This is the mail archive of the
gdb-patches@sourceware.org
mailing list for the GDB project.
Re: async patch (no. 4)
> > I don't know how you can claim to uderstand almost none of it after you
> > suggested to me to use SIGCHLD to interrupt the call to select instead of
> > using threads. I think some of these comments are based on looking at the
> > previous (eponymous) patch (no. 4).
>
> That's the only part of the patch I claim to understand at all. It's
> not that it's unintelligible - it's that I don't understand why any
> given line is necessary. Like, what does async_signal_hook do, and
> why is it called from those particular places? Why does async
> behavior change where we need to claim the terminal? Are the
> quit_flag changes still necessary now that we've done some work on
> QUIT? Why don't the infrun changes break thread handling all over the
> place?
>
> All of these things are the same questions we'd ask for any patch.

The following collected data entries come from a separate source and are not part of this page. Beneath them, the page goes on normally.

Lemma mmap_meval_y : mmap i (meval a b) << y0 >> = b.
Proof. by rewrite mmap_mevalU meval_y. Qed.

Lemma mmap_meval_is_monoid_morphism :
  admissible a b -> (forall c v, GRing.comm (i c) v) ->
  monoid_morphism (mmap i (meval a b)).
Proof.
move=> ab i_central; split=> [|q1 q2].
  by rewrite -(scale1r (1 : A)) mmap_meval_alg rmorph1.
rewrite malgME raddf_sum mulr_suml /=; apply: eq_bigr => m1 _.
rewrite raddf_sum mulr_sumr /=; apply: eq_bigr => m2 _.
rewrite mmapU /= rmorphM (mevalM ab) -mulrA [X in _ * X = _]mulrA.
by rewrite (i_central q2@_m2) !mulrA.
Qed.

End Evaluation.

Definition malg_eval (B : comNzRingType) (i : {rmorphism K -> B}) (a b : B) :
  A -> B := mmap i (meval a b).
Arguments malg_eval {B}.

HB.instance Definition _ (B : comNzRingType) (i : {rmorphism K -> B}) (a b : B) :=
  GRing.isZmodMorphism.Build A B (malg_eval i a b)
    (mmap_is_additive (f := i) (h := meval a b)).
HB.instance Definition _ (B : comNzRingType) (i : {rmorphism K -> B}) (a b : B) :=
  GRing.isMonoidMorphism.Build A B (malg_eval i a b)
    (@mmap_meval_is_monoid_morphism _ i a b (admissible_comm (mulrC a b))
       (fun _ _ => mulrC _ _)).

Section EvaluationComm.
Variables (B : comNzRingType) (i : {rmorphism K -> B}) (a b : B).

Lemma malg_eval_alg c : malg_eval i a b c%:A = i c.
Proof. exact: mmap_meval_alg. Qed.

Sure, but to be fair I think this is the first time you have asked them.
1) what does async_signal_hook do
Firstly this patch only currently works for Linux. That is because I don't
know enough about other OSes and ISTR that you said others could extend
easily it to them later. For Linux, async_signal_hook is initialised to
linux_nat_signal_hook in _initialize_linux_nat. It is called (with
different arguments) immediately before and after calls to select (or poll,
if appropriate) and only if gdb is invoked with --async (event_loop_p != 0).
On the first call, linux_nat_signal_hook sets up a handler,
async_sigchld_handler, for SIGCHLD, that writes the return value of waitpid
to the file descriptor that linux_nat_fetch_event reads from.
linux_nat_fetch_event is called instead of my_waitpid with an asynchronous
target in linux_nat_wait. On the second call linux_nat_signal_hook
restores the old signal mask.
I'll try to answer the other questions in due course, but I'd like to hear if
you think I'm making sense trying to answer this one first.